La autora le presta su inspiración, silenciosa le deja decir, le entrega sus portentosas palabras para construir un relato articulado en sosegadas frases y párrafos, aire y luz  que salen de una prosa exquisita depositaria del soliloquio de Adriano, su pensamiento, sus inquietudes, sus dudas últimas.

En sus notas finales, como si quisiera depurar los irremediables puntos de fuga de su escrito antes de entregarlo a sus lectores, Yourcenar aclara: “Si decidí escribir estas Memorias de Adriano en primera persona, fue para evitar en lo posible cualquier intermediario, inclusive yo misma.”

Ella no es Adriano, señalarle eso, como lo han hecho, sería una obscenidad, subraya.

Una carta es una palabra dirigida al Otro que invoca una respuesta. No hay mejor respuesta a la carta de Adriano que su lectura.

“Querido Marco…Tratemos de entrar en la muerte con los ojos abiertos”: comienzo y final de la extraordinaria epístola que abrochan la misiva de Adriano dirigida a su eventual sucesor al frente del Imperio.
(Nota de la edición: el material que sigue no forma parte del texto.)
(* Let $n\ge 3$ and let $L^B$ be a blow-up of the Boolean lattice $L\cong\mathbf{2}^n$. Then: (1) $L^B$ and its dual lattice $(L^B)^{\partial}$ are both pseudocomplemented; (2) $[L^B]\cong[(L^B)^{\partial}]\cong L\cong \mathbf{2}^n$; (3) for $a,b\in L^B$, $a^{\perp}=b^{\perp}$ if and only if $a^*=b^*$, where $a^*,b^*$ denote the pseudocomplements of $a,b$ in $L^B$.
   Context: Blow-up: Let $L\cong\mathbf{2}^n$ be a Boolean lattice with atoms $q_1,\dots,q_n$. A blow-up $L^B$ of $L$ is obtained by replacing each element $a\in L\setminus\{0,1\}$ by a finite chain $C_a$: $a=a^{1}\lessdot a^{2}\lessdot\cdots\lessdot a^{k_a}$ ($k_a\ge1$), keeping $0$ and $1$ as single elements; the order is: elements of the same chain $C_a$ are ordered along the chain, and for $u\in C_a$, $v\in C_b$ with $a\neq b$ (where $C_0=\{0\}$, $C_1=\{1\}$), $u\le v$ iff $a<b$ in $L$. In a poset $P$ with $0$, $a^{\perp}=\{b\in P:\{a,b\}^{\ell}=\{0\}\}$, where $\{a,b\}^\ell$ is the set of common lower bounds. The pseudocomplement $a^*$ of $a$ is the (unique if it exists) element with $\{a,a^*\}^{\ell}=\{0\}$ and such that $\{a,x\}^{\ell}=\{0\}$ implies $x\le a^*$; $P$ is pseudocomplemented if every element has one. For a lattice $M$ with $0$, $x\sim y$ iff $x^{\perp}=y^{\perp}$; $[x]$ is the class of $x$, and $[M]=\{[x]:x\in M\}$ is ordered by $[a]\le[b]$ iff $b^{\perp}\subseteq a^{\perp}$. *)

From mathcomp Require Import all_boot.
Set Implicit Arguments. Unset Strict Implicit. Unset Printing Implicit Defensive.

Definition perp (T : Type) (le : T -> T -> Prop) (z : T) (a : T) : T -> Prop :=
  fun b => forall c, le c a -> le c b -> c = z.

Definition is_pcompl (T : Type) (le : T -> T -> Prop) (z : T) (a p : T) : Prop :=
  perp le z a p /\ (forall x, perp le z a x -> le x p).

Definition pseudocomplemented (T : Type) (le : T -> T -> Prop) (z : T) : Prop :=
  forall a, exists p, is_pcompl le z a p.

(* [M] is order-isomorphic to the Boolean lattice 2^n = ({set 'I_n}, \subset):
   there is a surjection f : T -> {set 'I_n} with
   x ~ y (x^perp = y^perp) iff f x = f y, and [x] <= [y] (y^perp ⊆ x^perp)
   iff f x \subset f y.  This is exactly an order isomorphism [M] ≅ 2^n. *)
Definition classes_iso_bool (T : Type) (le : T -> T -> Prop) (z : T) (n : nat) : Prop :=
  exists f : T -> {set 'I_n},
    (forall A : {set 'I_n}, exists x, f x = A) /\
    (forall x y, (forall w, perp le z x w <-> perp le z y w) <-> f x = f y) /\
    (forall x y, (forall w, perp le z y w -> perp le z x w) <-> f x \subset f y).

(* chain length of the element a; 0 and 1 are not blown up *)
Definition bkk (n : nat) (k : {set 'I_n} -> nat) (a : {set 'I_n}) : nat :=
  if (a == set0) || (a == setT) then 1 else k a.

(* element (a, i) is a^{i+1} in the chain C_a *)
Definition blowup (n : nat) (k : {set 'I_n} -> nat) : Type :=
  {p : {set 'I_n} * nat | p.2 < bkk k p.1}.

Definition bu_le (n : nat) (k : {set 'I_n} -> nat) (x y : blowup k) : Prop :=
  let a := (val x).1 in let i := (val x).2 in
  let b := (val y).1 in let j := (val y).2 in
  ((a == b) && (i <= j)) || (a \proper b).

Definition bu_dual_le (n : nat) (k : {set 'I_n} -> nat) (x y : blowup k) : Prop :=
  bu_le y x.

Lemma bu_bot_proof (n : nat) (k : {set 'I_n} -> nat) : (set0 : {set 'I_n}, 0).2 < bkk k (set0 : {set 'I_n}, 0).1.
Proof. by rewrite /bkk eqxx. Qed.

Lemma bu_top_proof (n : nat) (k : {set 'I_n} -> nat) : (setT : {set 'I_n}, 0).2 < bkk k (setT : {set 'I_n}, 0).1.
Proof. by rewrite /bkk eqxx orbT. Qed.

Definition bu_bot (n : nat) (k : {set 'I_n} -> nat) : blowup k :=
  exist _ (set0 : {set 'I_n}, 0) (bu_bot_proof k).

Definition bu_top (n : nat) (k : {set 'I_n} -> nat) : blowup k :=
  exist _ (setT : {set 'I_n}, 0) (bu_top_proof k).

From mathcomp Require Import all_boot.
Set Implicit Arguments. Unset Strict Implicit. Unset Printing Implicit Defensive.

(* Every element x of L^B lies on the chain over some base set a = base x in
   2^n.  Two elements have only 0 as common lower bound iff their bases are
   disjoint, since the bottom of the chain over a ∩ b lies below both.  Hence
   x^perp depends only on base x and shrinks as base x grows, so [L^B] ≅ 2^n,
   and the pseudocomplement of x is the top of the chain over the complement
   of base x.  The dual lattice is handled in the same way with unions and
   the bottoms of chains. *)

Section Perp.

Variables (T : Type) (le : T -> T -> Prop) (z : T).

Lemma is_pcompl_perp_eq a b p :
  (forall w, perp le z a w <-> perp le z b w) ->
  is_pcompl le z a p -> is_pcompl le z b p.
Proof.
move=> eq_ab [ap ap_max]; split; first exact/eq_ab.
by move=> x /eq_ab; apply: ap_max.
Qed.

Lemma pcompl_unique (le_anti : forall x y, le x y -> le y x -> x = y) a p q :
  is_pcompl le z a p -> is_pcompl le z a q -> p = q.
Proof. by move=> [ap p_max] [aq q_max]; apply: le_anti; [apply: q_max | apply: p_max]. Qed.

Variables (n : nat) (f : T -> {set 'I_n}).
Hypothesis perp_subE :
  forall x y, (forall w, perp le z y w -> perp le z x w) <-> f x \subset f y.

Lemma perp_equivE x y :
  (forall w, perp le z x w <-> perp le z y w) <-> f x = f y.
Proof.
split=> [eq_xy | fxy w].
  apply/eqP; rewrite eqEsubset; apply/andP.
  by split; [apply/(perp_subE x y) | apply/(perp_subE y x)] => w /eq_xy.
by split; [apply: (proj2 (perp_subE y x)) | apply: (proj2 (perp_subE x y))]; rewrite fxy.
Qed.

Lemma classes_iso_bool_of_subset :
  (forall A, exists x, f x = A) -> classes_iso_bool le z n.
Proof. by move=> f_surj; exists f; split; [|split] => // x y; apply: perp_equivE. Qed.

End Perp.

Section Blowup.

Variables (n : nat) (k : {set 'I_n} -> nat).
Hypothesis k_gt0 : forall a : {set 'I_n}, a != set0 -> a != setT -> 0 < k a.

Local Notation L := (blowup k).
Local Notation perpB := (perp (@bu_le n k) (bu_bot k)).
Local Notation perpD := (perp (@bu_dual_le n k) (bu_top k)).

Definition base (x : L) : {set 'I_n} := (val x).1.
Definition height (x : L) : nat := (val x).2.

Lemma bu_leE (x y : L) :
  bu_le x y = ((base x == base y) && (height x <= height y)) || (base x \proper base y).
Proof. by []. Qed.

Lemma blowup_eq (x y : L) : base x = base y -> height x = height y -> x = y.
Proof.
case: x y => [[a i] ?] [[b j] ?]; rewrite /base /height /= => ab ij.
by apply: val_inj; rewrite /= ab ij.
Qed.

Lemma bkk_gt0 a : 0 < bkk k a.
Proof.
rewrite /bkk; have [//|a0] := eqVneq a set0; have [//|aT] := eqVneq a setT.
exact: k_gt0.
Qed.

Lemma height_lt (x : L) : height x < bkk k (base x).
Proof. exact: valP x. Qed.

Definition chain_bot a : L := exist _ (a, 0) (bkk_gt0 a).

Lemma chain_top_subproof a : (a, (bkk k a).-1).2 < bkk k (a, (bkk k a).-1).1.
Proof. by rewrite /= ltn_predL bkk_gt0. Qed.

Definition chain_top a : L := exist _ (a, (bkk k a).-1) (chain_top_subproof a).

Lemma bu_le_base (x y : L) : bu_le x y -> base x \subset base y.
Proof. by rewrite bu_leE => /orP[/andP[/eqP -> _] | /proper_sub]. Qed.

Lemma bu_le_of_base (x y : L) :
  base x \subset base y -> (base x = base y -> height x <= height y) -> bu_le x y.
Proof.
move=> sxy hxy; rewrite bu_leE; have [exy | nxy] := eqVneq (base x) (base y).
  by rewrite hxy.
by rewrite properEneq nxy sxy orbT.
Qed.

Lemma bu_le_anti (x y : L) : bu_le x y -> bu_le y x -> x = y.
Proof.
move=> lxy lyx; have exy : base x = base y.
  by apply/eqP; rewrite eqEsubset !bu_le_base.
move: lxy lyx; rewrite !bu_leE exy eqxx properxx !orbF /= => hxy hyx.
by apply: blowup_eq => //; apply/eqP; rewrite eqn_leq hxy hyx.
Qed.

Lemma chain_bot_le (a : {set 'I_n}) (x : L) : a \subset base x -> bu_le (chain_bot a) x.
Proof. by move=> sax; apply: bu_le_of_base. Qed.

Lemma le_chain_top (a : {set 'I_n}) (x : L) : base x \subset a -> bu_le x (chain_top a).
Proof.
move=> sxa; apply: bu_le_of_base => // exa.
by have := height_lt x; rewrite exa /height /=; case: (bkk k a).
Qed.

Lemma base_eq0 (x : L) : base x = set0 -> x = bu_bot k.
Proof.
move=> x0; apply: blowup_eq => //.
by have := height_lt x; rewrite x0 /bkk eqxx /height /=; case: (val x).2.
Qed.

Lemma base_eqT (x : L) : base x = setT -> x = bu_top k.
Proof.
move=> xT; apply: blowup_eq => //.
by have := height_lt x; rewrite xT /bkk eqxx orbT /height /=; case: (val x).2.
Qed.

Lemma perpE (x y : L) : perpB x y <-> base y \subset ~: base x.
Proof.
split=> [xy | syx c cx cy].
  have /(congr1 base) := xy _ (chain_bot_le (subsetIl (base x) (base y)))
    (chain_bot_le (subsetIr _ _)).
  by rewrite subsets_disjoint setCK -setI_eq0 setIC => /eqP.
apply: base_eq0; apply/eqP; rewrite -subset0 -(setICr (base x)) subsetI bu_le_base //=.
exact: subset_trans (bu_le_base cy) syx.
Qed.

Lemma perp_dualE (x y : L) : perpD x y <-> ~: base x \subset base y.
Proof.
split=> [xy | sxy c xc yc].
  have /(congr1 base) xyT := xy _ (le_chain_top (subsetUl (base x) (base y)))
    (le_chain_top (subsetUr _ _)).
  by rewrite subsets_disjoint -setI_eq0 -setCU -setCT; apply/eqP; congr (~: _).
apply: base_eqT; apply/eqP; rewrite eqEsubset subsetT -(setUCr (base x)) subUset.
by rewrite bu_le_base //= (subset_trans sxy) // bu_le_base.
Qed.

Lemma perp_subE (x y : L) : (forall w, perpB y w -> perpB x w) <-> base x \subset base y.
Proof.
split=> [sub | sxy w /perpE syw]; last by apply/perpE; rewrite (subset_trans syw) ?setCS.
have /perpE : perpB x (chain_bot (~: base y)) by apply/sub/perpE.
by rewrite /= setCS.
Qed.

Lemma perp_dual_subE (x y : L) :
  (forall w, perpD y w -> perpD x w) <-> ~: base x \subset ~: base y.
Proof.
rewrite setCS; split=> [sub | syx w /perp_dualE syw].
  have /perp_dualE : perpD x (chain_bot (~: base y)) by apply/sub/perp_dualE.
  by rewrite /= setCS.
by apply/perp_dualE; rewrite (subset_trans _ syw) ?setCS.
Qed.

Lemma is_pcompl_chain_top (x : L) : is_pcompl (@bu_le n k) (bu_bot k) x (chain_top (~: base x)).
Proof. by split=> [|w /perpE]; [apply/perpE | apply: le_chain_top]. Qed.

Lemma is_pcompl_dual_chain_bot (x : L) :
  is_pcompl (@bu_dual_le n k) (bu_top k) x (chain_bot (~: base x)).
Proof. by split=> [|w /perp_dualE]; [apply/perp_dualE | apply: chain_bot_le]. Qed.

Lemma pcompl_eq_perp_equiv (a b pa pb : L) :
  is_pcompl (@bu_le n k) (bu_bot k) a pa -> is_pcompl (@bu_le n k) (bu_bot k) b pb ->
  (forall w, perpB a w <-> perpB b w) <-> pa = pb.
Proof.
move=> apa bpb; split=> [ab | pab].
  apply: (pcompl_unique bu_le_anti apa).
  by apply: is_pcompl_perp_eq bpb => w; apply: iff_sym.
apply/(perp_equivE perp_subE a b); apply: setC_inj.
have := congr1 base pab.
by rewrite (pcompl_unique bu_le_anti apa (is_pcompl_chain_top a))
  (pcompl_unique bu_le_anti bpb (is_pcompl_chain_top b)).
Qed.

End Blowup.

Theorem mainTheorem3 (n : nat) (k : {set 'I_n} -> nat)
  (hn : 3 <= n)
  (hk : forall a : {set 'I_n}, a != set0 -> a != setT -> 0 < k a) :
  (* (1) L^B and its dual are pseudocomplemented *)
  (pseudocomplemented (@bu_le n k) (bu_bot k) /\
   pseudocomplemented (@bu_dual_le n k) (bu_top k)) /\
  (* (2) [L^B] ≅ [(L^B)^dual] ≅ 2^n *)
  (classes_iso_bool (@bu_le n k) (bu_bot k) n /\
   classes_iso_bool (@bu_dual_le n k) (bu_top k) n) /\
  (* (3) a^perp = b^perp iff a^* = b^* (pseudocomplements in L^B) *)
  (forall a b pa pb : blowup k,
     is_pcompl (@bu_le n k) (bu_bot k) a pa ->
     is_pcompl (@bu_le n k) (bu_bot k) b pb ->
     ((forall w, perp (@bu_le n k) (bu_bot k) a w <-> perp (@bu_le n k) (bu_bot k) b w)
      <-> pa = pb)).
Proof.
split; [split|split; [split|]].
- by move=> x; exists (chain_top hk (~: base x)); apply: is_pcompl_chain_top.
- by move=> x; exists (chain_bot hk (~: base x)); apply: is_pcompl_dual_chain_bot.
- apply: (classes_iso_bool_of_subset (perp_subE hk)) => A.
  by exists (chain_bot hk A).
- apply: (classes_iso_bool_of_subset (perp_dual_subE hk)) => A.
  by exists (chain_bot hk (~: A)); rewrite /base /= setCK.
- exact: pcompl_eq_perp_equiv.
Qed.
Y así entra Yourcenar en la vida de Adriano, despierta por su escritura, tomando posesión de un mundo interior: el suyo propio pero también la imaginaria intimidad de otra época, la del soberano. Y matiza, en pugna permanente con el lenguaje: todo lo que ahí cuento está desmentido por lo que no cuento.

Los ojos abiertos y despedida serena, anhela el emperador, escuchando la prolongada queja de las olas, vagando por ese lugar que no conocerá jamás, con la fe puesta  en la muerte, ese nombre de la nada, imposible de saber, y sin embargo única forma de soportar la vida.